Task goal
When the line containing "have := nonneg_combD" appears in the entries below, begin printing there and stop after the line containing "move=> K_convex K_refl"; print each of those lines exactly and no other line.

Records drawn from a dataset:

Lemma refl_conj a b y : a != 0 -> refl (refl a b) y = refl a (refl b (refl a y)).
Proof.
move=> a_neq0; rewrite [refl (refl a b) y]/refl reflB reflZ reflK //.
by rewrite -(pairing_refl (refl a y) b a_neq0) reflK.
Qed.

Lemma refl_opp_root a x : refl (- a) x = refl a x.
Proof.
by rewrite /refl /pairing dotNr dotNl dotNr opprK mulrN mulNr scaleNr scalerN opprK.
Qed.

End Reflections.

Section Words.
Variables (R : realType) (n : nat).
Implicit Types (x y a : 'rV[R]_n) (s r : seq 'rV[R]_n).

Definition reflw s x := foldr (fun a y => refl a y) x s.

Lemma reflw_cons a s x : reflw (a :: s) x = refl a (reflw s x).
Proof. by []. Qed.

Lemma reflw_cat s r x : reflw (s ++ r) x = reflw s (reflw r x).
Proof. exact: foldr_cat. Qed.

Lemma reflw_revK s x : 0 \notin s -> reflw (rev s) (reflw s x) = x.
Proof.
elim: s x => //= a s IH x; rewrite inE negb_or eq_sym => /andP[a_neq0 s_neq0].
by rewrite rev_cons -cats1 reflw_cat /= reflK // IH.
Qed.

Lemma reflw_Krev s x : 0 \notin s -> reflw s (reflw (rev s) x) = x.
Proof. by move=> s_neq0; rewrite -{1}(revK s) reflw_revK // mem_rev. Qed.

Lemma reflw_pairing s x y : 0 \notin s ->
  pairing (reflw s x) (reflw s y) = pairing x y.
Proof.
elim: s => //= a s IH; rewrite inE negb_or eq_sym => /andP[a_neq0 s_neq0].
by rewrite pairing_refl // IH.
Qed.

Lemma reflw_conj r a y : 0 \notin r ->
  refl (reflw r a) y = reflw r (refl a (reflw (rev r) y)).
Proof.
elim: r y => //= b r IH y; rewrite inE negb_or eq_sym => /andP[b_neq0 r_neq0].
by rewrite refl_conj // IH // rev_cons -cats1 reflw_cat.
Qed.

End Words.

Section ConvexHull.
Variables (R : realType) (n : nat).
Implicit Types (x y v : 'rV[R]_n) (S T K : 'rV[R]_n -> Prop).

Definition convex_set K := forall x y t, K x -> K y -> 0 <= t <= 1 ->
  K ((1 - t) *: x + t *: y).

(* [conv S] is [nonneg_comb S 1]; dropping the normalisation of the weights
   makes the combinations closed under sums and nonnegative scaling. *)
Definition nonneg_comb S (s : R) x :=
  exists k (p : 'I_k -> 'rV[R]_n) (t : 'I_k -> R),
  (forall i, S (p i)) /\ (forall i, 0 <= t i) /\
  \sum_(i < k) t i = s /\ x = \sum_(i < k) t i *: p i.

Lemma nonneg_comb0 S : nonneg_comb S 0 0.
Proof. by exists 0%N, (fun=> 0), (fun=> 0); rewrite !big_ord0; do !split; case. Qed.

Lemma nonneg_combD S s1 s2 x1 x2 :
  nonneg_comb S s1 x1 -> nonneg_comb S s2 x2 -> nonneg_comb S (s1 + s2) (x1 + x2).
Proof.
move=> [k1 [p1 [t1 [S1 [t1_ge0 [<- ->]]]]]] [k2 [p2 [t2 [S2 [t2_ge0 [<- ->]]]]]].
pose glue A (f1 : 'I_k1 -> A) (f2 : 'I_k2 -> A) i :=
  match split i with inl j => f1 j | inr j => f2 j end.
have glue_l A f1 f2 j : glue A f1 f2 (lshift k2 j) = f1 j.
  by rewrite /glue (unsplitK (inl j)).
have glue_r A f1 f2 j : glue A f1 f2 (rshift k1 j) = f2 j.
  by rewrite /glue (unsplitK (inr j)).
exists (k1 + k2)%N, (glue _ p1 p2), (glue _ t1 t2); split; [|split; [|split]];
  try by move=> i; rewrite /glue; case: (split i).
all: by rewrite big_split_ord /=; congr (_ + _); apply: eq_bigr => j _;
  rewrite ?glue_l ?glue_r.
Qed.

Lemma nonneg_combZ S s x c :
  0 <= c -> nonneg_comb S s x -> nonneg_comb S (c * s) (c *: x).
Proof.
move=> c_ge0 [k [p [t [Sp [t_ge0 [<- ->]]]]]].
exists k, p, (fun i => c * t i); split; [|split; [|split]] => //.
- by move=> i; rewrite mulr_ge0.
- by rewrite mulr_sumr.
- by rewrite scaler_sumr; apply: eq_bigr => i _; rewrite scalerA.
Qed.

Lemma conv_pt S y : S y -> conv S y.
Proof.
by move=> Sy; exists 1%N, (fun=> y), (fun=> 1); rewrite !big_ord1 scale1r.
Qed.

Lemma conv_sub S T x : (forall y, S y -> T y) -> conv S x -> conv T x.
Proof.
move=> ST [k [p [t [Sp [t_ge0 [t_sum ->]]]]]].
by exists k, p, t; split=> // i; apply/ST/Sp.
Qed.

Lemma conv_conv S T x : (forall y, S y -> conv T y) -> conv S x -> conv T x.
Proof.
move=> ST [k [p [t [Sp [t_ge0 [t_sum ->]]]]]].
suff : nonneg_comb T (\sum_(i < k) t i) (\sum_(i < k) t i *: p i) by rewrite t_sum.
move=> {t_sum}; elim: k p t Sp t_ge0 => [|k IH] p t Sp t_ge0.
  by rewrite !big_ord0; exact: nonneg_comb0.
rewrite !big_ord_recr /=; apply: nonneg_combD.
  by apply: IH => i; [apply: Sp|apply: t_ge0].
by have := nonneg_combZ (t_ge0 ord_max) (ST _ (Sp ord_max)); rewrite mulr1.
Qed.

Lemma conv_convex S : convex_set (conv S).
Proof.
move=> x y t Sx Sy /andP[t_ge0 t_le1].
have := nonneg_combD (nonneg_combZ (x := x) (_ : 0 <= 1 - t) Sx) (nonneg_combZ t_ge0 Sy).
by rewrite !mulr1 subrK; apply; rewrite subr_ge0.
Qed.

Lemma conv_refl S a x :
  (forall y, S y -> S (refl a y)) -> conv S x -> conv S (refl a x).
Proof.
move=> S_refl [k [p [t [Sp [t_ge0 [t_sum ->]]]]]].
exists k, (fun i => refl a (p i)), t; split; [|split; [|split]] => //.
  by move=> i; apply/S_refl/Sp.
by rewrite refl_sum; apply: eq_bigr => i _; rewrite reflZ.
Qed.

Lemma conv_shift S v x :
  conv S x -> conv (fun y => exists2 z, S z & y = v + z) (v + x).
Proof.
move=> [k [p [t [Sp [t_ge0 [t_sum ->]]]]]].
exists k, (fun i => v + p i), t; split; [|split; [|split]] => //.
  by move=> i; exists (p i).
rewrite (eq_bigr _ (fun i _ => scalerDr _ _ _)) big_split /=.
by rewrite -scaler_suml t_sum scale1r.
Qed.

Lemma convex_refl_shift K a d b :
  convex_set K -> (forall y, K y -> K (refl a y)) ->
  a != 0 -> 0 <= pairing d a -> 0 <= pairing b a -> K (d + b) -> K (d + refl a b).
Proof.
move=> K_convex K_refl a_neq0 da_ge0 ba_ge0 K_db.
have [db_eq0|db_neq0] := eqVneq (pairing d a + pairing b a) 0.
  have ba_eq0 : pairing b a = 0 by lra.
  by rewrite /refl ba_eq0 scale0r subr0.
(* [d + s_a b] lies on the segment from [d + b] to its mirror image. *)
pose t := pairing b a / (pairing d a + pairing b a).
have -> : d + refl a b = (1 - t) *: (d + b) + t *: refl a (d + b).
  by apply/rowP => j; rewrite /refl pairingDl !mxE /t; field.
apply: K_convex => //; first exact: K_refl.
have db_gt0 : 0 < pairing d a + pairing b a by rewrite lt_def db_neq0 addr_ge0.
apply/andP; split; first by rewrite divr_ge0 // ltW.
by rewrite ler_pdivrMr // mul1r lerDr.
Qed.

End ConvexHull.

Section RootSystem.
Variables (R : realType) (n : nat) (Phi Delta : seq 'rV[R]_n).
Hypotheses (rsPhi : is_simple_root_system Phi) (baseDelta : is_base Phi Delta).
Implicit Types (x y a b d g l : 'rV[R]_n) (s r t u : seq 'rV[R]_n).
Local Notation m := (size Delta).
Local Notation posr := (positive_root Phi Delta).

Lemma root_neq0 a : a \in Phi -> a != 0.
Proof. by apply: contraTneq => ->; exact: (rs_nonzero rsPhi). Qed.

Lemma refl_root a b : a \in Phi -> b \in Phi -> refl a b \in Phi.
Proof. exact: rs_refl. Qed.

Lemma simple_root a : a \in Delta -> a \in Phi.
Proof. exact: (base_sub baseDelta). Qed.

Lemma simple_root_neq0 a : a \in Delta -> a != 0.
Proof. by move/simple_root/root_neq0. Qed.

Lemma simple_word_notin0 t : {subset t <= Delta} -> 0 \notin t.
Proof. by move=> tD; apply/negP => /tD/simple_root_neq0/eqP. Qed.

Definition simple_comb (c : 'I_m -> int) := \sum_(i < m) (c i)%:~R *: Delta`_i.

Lemma simple_comb_inj c c' : simple_comb c = simple_comb c' -> c =1 c'.
Proof.
move=> cc' i; apply/eqP; rewrite -subr_eq0 -(intr_eq0 R) intrB; apply/eqP.
apply: (base_indep baseDelta (c := fun k => (c k)%:~R - (c' k)%:~R)).
rewrite (eq_bigr _ (fun k _ => scalerBl _ _ _)) sumrB.
by apply/eqP; rewrite subr_eq0; exact/eqP.
Qed.

Lemma refl_simple_comb g c (j : 'I_m) (z : int) :
  pairing g Delta`_j = z%:~R -> g = simple_comb c ->
  refl Delta`_j g = simple_comb (fun i => c i - (if i == j then z else 0)).
Proof.
move=> gz gE; rewrite /refl gz gE /simple_comb.
under [RHS]eq_bigr => k _ do rewrite intrB scalerBl.
rewrite sumrB; congr (_ - _); rewrite (bigD1 j) //= eqxx big1 ?addr0 // => i /negbTE ->.
by rewrite scale0r.
Qed.

Lemma posr_simple a : a \in Delta -> posr a.
Proof.
move=> aD; split; first exact: simple_root.
have j_lt : (index a Delta < m)%N by rewrite index_mem.
exists (fun i => if i == Ordinal j_lt then 1 else 0); split; last by move=> i; case: ifP.
rewrite (bigD1 (Ordinal j_lt)) //= eqxx big1 => [|i /negbTE ->]; last by rewrite scale0r.
by rewrite scale1r addr0 nth_index.
Qed.

Lemma chamber_posr_dot_ge0 d g : fund_chamber Delta d -> posr g -> 0 <= dot d g.
Proof.
move=> d_dom [_ [c [-> c_ge0]]]; rewrite dot_sumr; apply: sumr_ge0 => i _.
have iD : Delta`_i \in Delta := mem_nth 0 (ltn_ord i).
by rewrite dotZr mulr_ge0 ?ler0z // -pairing_ge0E ?simple_root_neq0 // d_dom.
Qed.
(* The Kahan map $\mathcal K$ is a Liouville integrable Poisson map: when $n$ is even the functions $J_1,\dots,J_\lambda,H,F_{\lambda+1},\dots,F_{n/2-1}$, and when $n$ is odd the functions $J_1,\dots,J_\lambda,H,F_{\lambda+2},\dots,F_{(n-1)/2},C$, are invariants of $\mathcal K$ (functionally independent and pairwise in involution). It is also superintegrable: the $n-1$ functionally independent first integrals of the continuous system $\dot x_i=x_i\big(\sum_{j>i}a_jx_j-\sum_{j<i}a_jx_j\big)$ are invariants of $\mathcal K$.
   Context: $n\ge1$, $(a_1,\dots,a_n)\in\mathbb R^n\setminus\{0\}$, $\epsilon>0$ small. Poisson bracket on $\mathbb R^n$: $\{x_i,x_j\}=x_ix_j$ for $i<j$. $H=a_1x_1+\dots+a_nx_n$, $v_0:=0$, $v_i:=a_1x_1+\dots+a_ix_i$. $\mathcal K$ is the map $\tilde x_i=x_i\dfrac{(1-\epsilon H)(1+\epsilon H)}{(1-\epsilon H+2\epsilon v_{i-1})(1-\epsilon H+2\epsilon v_i)}$. $\ell$ is the smallest integer $\ge0$ with $a_{\ell+1}\ne0$ and $\lambda:=[\ell/2]$. $J_k:=\dfrac{x_1x_3\cdots x_{2k-1}}{x_2x_4\cdots x_{2k}}$ ($1\le k\le[n/2]$). For $n$ even, $F_k:=v_{2k}\dfrac{x_{2k+2}x_{2k+4}\cdots x_n}{x_{2k+1}x_{2k+3}\cdots x_{n-1}}$; for $n$ odd, $F_k:=v_{2k-1}\dfrac{x_{2k+1}x_{2k+3}\cdots x_n}{x_{2k}x_{2k+2}\cdots x_{n-1}}$ and $C:=\dfrac{x_1x_3\cdots x_n}{x_2x_4\cdots x_{n-1}}$ (empty products $=1$). *)

From Stdlib Require Import Reals Lra Lia List.
Open Scope R_scope.

(* Points of R^n are represented as x : nat -> R, coordinates x 1, ..., x n
   (values at indices 0 and > n are irrelevant). *)
Definition point := nat -> R.

Fixpoint sum1 (f : nat -> R) (k : nat) : R :=
  match k with O => 0 | S k' => sum1 f k' + f k end.

Fixpoint prod_cnt (f : nat -> R) (lo c : nat) : R :=
  match c with O => 1 | S c' => f lo * prod_cnt f (S lo) c' end.

Definition prodR (f : nat -> R) (lo hi : nat) : R := prod_cnt f lo (S hi - lo).

Definition vv (a x : point) (i : nat) : R := sum1 (fun j => a j * x j) i.

Definition Hf (n : nat) (a : point) (x : point) : R := vv a x n.

Definition kahan (n : nat) (a : point) (eps : R) (x : point) : point :=
  fun i =>
    if andb (Nat.leb 1 i) (Nat.leb i n) then
      x i * ((1 - eps * Hf n a x) * (1 + eps * Hf n a x)) /
        ((1 - eps * Hf n a x + 2 * eps * vv a x (i - 1)) *
         (1 - eps * Hf n a x + 2 * eps * vv a x i))
    else x i.

Definition Jf (k : nat) (x : point) : R :=
  prodR (fun j => x (2 * j - 1)%nat / x (2 * j)%nat) 1 k.

Definition Fev (n : nat) (a : point) (k : nat) (x : point) : R :=
  vv a x (2 * k) * prodR (fun j => x (2 * j)%nat / x (2 * j - 1)%nat) (S k) (n / 2).

Definition Fod (n : nat) (a : point) (k : nat) (x : point) : R :=
  vv a x (2 * k - 1) * prodR (fun j => x (2 * j + 1)%nat / x (2 * j)%nat) k ((n - 1) / 2).

Definition Cf (n : nat) (x : point) : R :=
  x 1%nat * prodR (fun j => x (2 * j + 1)%nat / x (2 * j)%nat) 1 ((n - 1) / 2).

(* The list of invariants for Liouville integrability, with lambda = [l/2]:
   n even : J_1..J_lambda, H, F_{lambda+1}..F_{n/2-1}
   n odd  : J_1..J_lambda, H, F_{lambda+2}..F_{(n-1)/2}, C *)
Definition liouville_list (n : nat) (a : point) (l : nat) : list (point -> R) :=
  let lam := (l / 2)%nat in
  if Nat.even n then
    map Jf (seq 1 lam) ++ (Hf n a :: nil)
      ++ map (Fev n a) (seq (S lam) (n / 2 - 1 - lam))
  else
    map Jf (seq 1 lam) ++ (Hf n a :: nil)
      ++ map (Fod n a) (seq (S (S lam)) ((n - 1) / 2 - 1 - lam))
      ++ (Cf n :: nil).

Definition upd (x : point) (i : nat) (t : R) : point :=
  fun j => if Nat.eqb j i then t else x j.

Definition gradient (n : nat) (f : point -> R) (x : point) (df : point) : Prop :=
  forall i, (1 <= i <= n)%nat -> derivable_pt_lim (fun t => f (upd x i t)) (x i) (df i).

(* Poisson bracket {x_i,x_j} = x_i x_j (i<j) evaluated on gradients at x:
   {f,g}(x) = sum_{i<j} x_i x_j (d_i f d_j g - d_j f d_i g) *)
Definition pbr (n : nat) (x df dg : point) : R :=
  sum1 (fun j => sum1 (fun i => x i * x j * (df i * dg j - df j * dg i)) (j - 1)) n.
(* A Borel probability measure on a metric space is regular (every Borel set
   lies between a closed and an open set up to small measure), hence on a
   compact space inner regular by compact sets.  So for one measure lam each
   piece P_i contains a compact C_i with lam (P_i \ C_i) < eps; the C_i are
   disjoint compacts, hence delta-separated for some delta > 0.  The strict
   inequalities persist for all measures in a strong neighbourhood of lam, so
   finitely many such neighbourhoods cover the strongly compact closure of
   {mu_n}, and the smallest of their deltas serves every n. *)

Lemma nonincreasing_measure_lt {d} {T : measurableType d} {R : realType}
    (mu : {finite_measure set T -> \bar R}) {G : (set T) ^nat} {e : R} :
  (forall n, measurable (G n)) -> nonincreasing_seq G ->
  \bigcap_n G n = set0 -> 0 < e -> exists N, (mu (G N) < e%:E)%E.
Proof.
move=> mG niG G0 e0.
have mG0 : (mu (G 0%N) < +oo)%E by rewrite ltey_eq fin_num_measure.
have := nonincreasing_cvg_mu mG0 mG (bigcapT_measurable mG) niG.
rewrite G0 measure0 => /(_ _ (open_ereal_lt' (_ : 0 < e%:E)%E)).
rewrite lte_fin => /(_ e0) [N _ HN].
by exists N; apply: HN => /=.
Qed.

Lemma measure_bigcup_partial_lt {d} {T : measurableType d} {R : realType}
    (mu : {finite_measure set T -> \bar R}) {F : (set T) ^nat} {e : R} :
  (forall n, measurable (F n)) -> 0 < e ->
  exists N, (mu (\bigcup_n F n `\` \bigcup_(i in `I_N) F i) < e%:E)%E.
Proof.
move=> mF e0; pose D N := \bigcup_n F n `\` \bigcup_(i in `I_N) F i.
have mD N : measurable (D N).
  apply: measurableD; first exact: bigcupT_measurable.
  by apply: bigcup_measurable => i _.
have niD : nonincreasing_seq D.
  move=> m n mn; apply/subsetPset => x [Fx nFx]; split => // -[i /= im Fix].
  by apply: nFx; exists i => //=; exact: leq_trans im mn.
have D0 : \bigcap_N D N = set0.
  apply/seteqP; split => // x Dx; exfalso; have [[m _ Fx] _] := Dx 0%N I.
  by have [_] := Dx m.+1 I; apply; exists m => /=.
exact: nonincreasing_measure_lt mD niD D0 e0.
Qed.

Lemma measure_bigcup_le_geometric {d} {T : measurableType d} {R : realType}
    (mu : {measure set T -> \bar R}) {V : (set T) ^nat} {e : R} :
  0 <= e -> (forall n, measurable (V n)) ->
  (forall n, (mu (V n) <= (e / (2 ^ n.+1)%:R)%:E)%E) ->
  (mu (\bigcup_n V n) <= e%:E)%E.
Proof.
move=> e0 mV muV.
have mVT : measurable (\bigcup_n V n) by exact: bigcupT_measurable.
apply: le_trans (measure_sigma_subadditive mu mV mVT (@subset_refl _ _)) _.
by apply: le_trans (epsilon_trick0 xpredT e0); exact: lee_nneseries.
Qed.

Section borel_regularity.
Context {R : realType} {X : pmetricType R}.

Lemma open_measurable_borel (U : set X) : open U -> measurable (U : set (borel X)).
Proof. exact: sub_sigma_algebra. Qed.

Lemma closed_measurable_borel (F : set X) :
  closed F -> measurable (F : set (borel X)).
Proof.
move=> cF; rewrite -[F]setCK; apply: measurableC.
by apply: open_measurable_borel; rewrite openC.
Qed.

Lemma open_setD_closed_measurable_borel (U F : set X) :
  open U -> closed F -> measurable (U `\` F : set (borel X)).
Proof.
move=> oU cF; apply: measurableD.
  exact: open_measurable_borel.
exact: closed_measurable_borel.
Qed.

Lemma compact_measurable_borel (C : set X) :
  compact C -> measurable (C : set (borel X)).
Proof.
by move=> /(compact_closed (@metric_hausdorff _ X)) /closed_measurable_borel.
Qed.

Variable mu : {finite_measure set borel X -> \bar R}.

Definition mu_regular (A : set X) := forall e : R, 0 < e -> exists F U : set X,
  [/\ closed F, open U, F `<=` A, A `<=` U & (mu (U `\` F) < e%:E)%E].

Lemma open_mu_regular (U : set X) : open U -> mu_regular U.
Proof.
move=> oU e e0.
pose F N := closure [set x : X | ball x N.+1%:R^-1 `<=` U].
have FU N : F N `<=` U.
  move=> y /(_ (ball y N.+1%:R^-1)) [|x [Sx /ball_sym]]; last exact: Sx.
  exact: nbhsx_ballx.
have cF N : closed (F N) by exact: closed_closure.
pose G N := U `\` F N.
have mG N : measurable (G N : set (borel X)).
  exact: open_setD_closed_measurable_borel.
have niG : nonincreasing_seq G.
  move=> m n mn; apply/subsetPset => x [Ux nFx]; split => // Fx; apply: nFx.
  apply: closureS Fx => w Sw z bz; apply: Sw; apply: le_ball bz.
  by rewrite lef_pV2 ?posrE ?ltr0n ?ler_nat ?ltnS.
have G0 : \bigcap_N G N = set0.
  apply/seteqP; split => // x Gx; have [Ux _] := Gx 0%N I.
  have /nbhs_ballP[r r0 rU] : nbhs x U by exact: open_nbhs_nbhs.
  have [_] := Gx (Num.truncn r^-1) I; apply; apply: subset_closure => z bz.
  apply/rU/(le_ball _ bz)/ltW.
  by rewrite invf_plt ?posrE ?ltr0n//; exact: truncnS_gt.
have [N muG] := nonincreasing_measure_lt mu mG niG G0 e0.
by exists (F N), U; split => //; exact: FU.
Qed.

Lemma mu_regularC (A : set X) : mu_regular A -> mu_regular (~` A).
Proof.
move=> rA e /rA[F [U [cF oU FA AU muUF]]]; exists (~` U), (~` F); split.
- by rewrite closedC.
- by rewrite openC.
- exact: subsetC.
- exact: subsetC.
- by rewrite setDE setCK setIC -setDE.
Qed.

Lemma mu_regular_bigcup (A : (set X) ^nat) :
  (forall n, mu_regular (A n)) -> mu_regular (\bigcup_n A n).
Proof.
move=> rA e e0; have e20 : 0 < e / 2 by rewrite divr_gt0.
pose e_ n := e / 2 / (2 ^ n.+1)%:R.
have /choice[p hp] n : exists p : set X * set X, [/\ closed p.1, open p.2,
    p.1 `<=` A n, A n `<=` p.2 & (mu (p.2 `\` p.1) < (e_ n)%:E)%E].
  have [|F [U ?]] := rA n (e_ n); last by exists (F, U).
  by rewrite divr_gt0 // ltr0n expn_gt0.
pose F n := (p n).1; pose U n := (p n).2.
have cF n : closed (F n) by case: (hp n).
have oU n : open (U n) by case: (hp n).
have FA n : F n `<=` A n by case: (hp n).
have AU n : A n `<=` U n by case: (hp n).
have mF n : measurable (F n : set (borel X)) by exact: closed_measurable_borel.
pose F_ N := \bigcup_(i in `I_N) F i.
have cF_ N : closed (F_ N) by apply: closed_bigcup => //; exact: finite_II.
pose D N := \bigcup_n F n `\` F_ N.
have mD N : measurable (D N : set (borel X)).
  by apply: measurableD; [exact: bigcupT_measurable | exact: closed_measurable_borel].
have [N muD] := measure_bigcup_partial_lt mu mF e20.
exists (F_ N), (\bigcup_n U n); split.
- exact: cF_.
- exact: bigcup_open.
- by move=> x [i _ /FA Ax]; exists i.
- by move=> x [i _ /AU Ux]; exists i.
pose V n := U n `\` F n.
have mV n : measurable (V n : set (borel X)).
  exact: open_setD_closed_measurable_borel.
have mV_ : measurable (\bigcup_n V n : set (borel X)) by exact: bigcupT_measurable.
have mVD : measurable (\bigcup_n V n `|` D N : set (borel X)) by exact: measurableU.
have mUF : measurable (\bigcup_n U n `\` F_ N : set (borel X)).
  by apply: open_setD_closed_measurable_borel => //; exact: bigcup_open.
have UF_VD : \bigcup_n U n `\` F_ N `<=` \bigcup_n V n `|` D N.
  move=> x [[m _ Ux] nFx]; have [Fx|nFx'] := pselect (F m x).
    by right; split => //; exists m.
  by left; exists m.
have muV : (mu (\bigcup_n V n) <= (e / 2)%:E)%E.
  apply: measure_bigcup_le_geometric (ltW e20) mV _ => n.
  by case: (hp n) => _ _ _ _ /ltW.
apply: le_lt_trans (le_measure mu (mem_set mUF) (mem_set mVD) UF_VD) _.
apply: le_lt_trans (measureU2 mu mV_ (mD N)) _.
by rewrite [e in (_ < e%:E)%E](splitr e) EFinD lee_ltD ?fin_num_measure.
Qed.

Result of this exercise
have := nonneg_combD (nonneg_combZ (x := x) (_ : 0 <= 1 - t) Sx) (nonneg_combZ t_ge0 Sy).
by rewrite !mulr1 subrK; apply; rewrite subr_ge0.
Qed.

Lemma conv_refl S a x :
  (forall y, S y -> S (refl a y)) -> conv S x -> conv S (refl a x).
Proof.
move=> S_refl [k [p [t [Sp [t_ge0 [t_sum ->]]]]]].
exists k, (fun i => refl a (p i)), t; split; [|split; [|split]] => //.
  by move=> i; apply/S_refl/Sp.
by rewrite refl_sum; apply: eq_bigr => i _; rewrite reflZ.
Qed.

Lemma conv_shift S v x :
  conv S x -> conv (fun y => exists2 z, S z & y = v + z) (v + x).
Proof.
move=> [k [p [t [Sp [t_ge0 [t_sum ->]]]]]].
exists k, (fun i => v + p i), t; split; [|split; [|split]] => //.
  by move=> i; exists (p i).
rewrite (eq_bigr _ (fun i _ => scalerDr _ _ _)) big_split /=.
by rewrite -scaler_suml t_sum scale1r.
Qed.

Lemma convex_refl_shift K a d b :
  convex_set K -> (forall y, K y -> K (refl a y)) ->
  a != 0 -> 0 <= pairing d a -> 0 <= pairing b a -> K (d + b) -> K (d + refl a b).
Proof.
move=> K_convex K_refl a_neq0 da_ge0 ba_ge0 K_db.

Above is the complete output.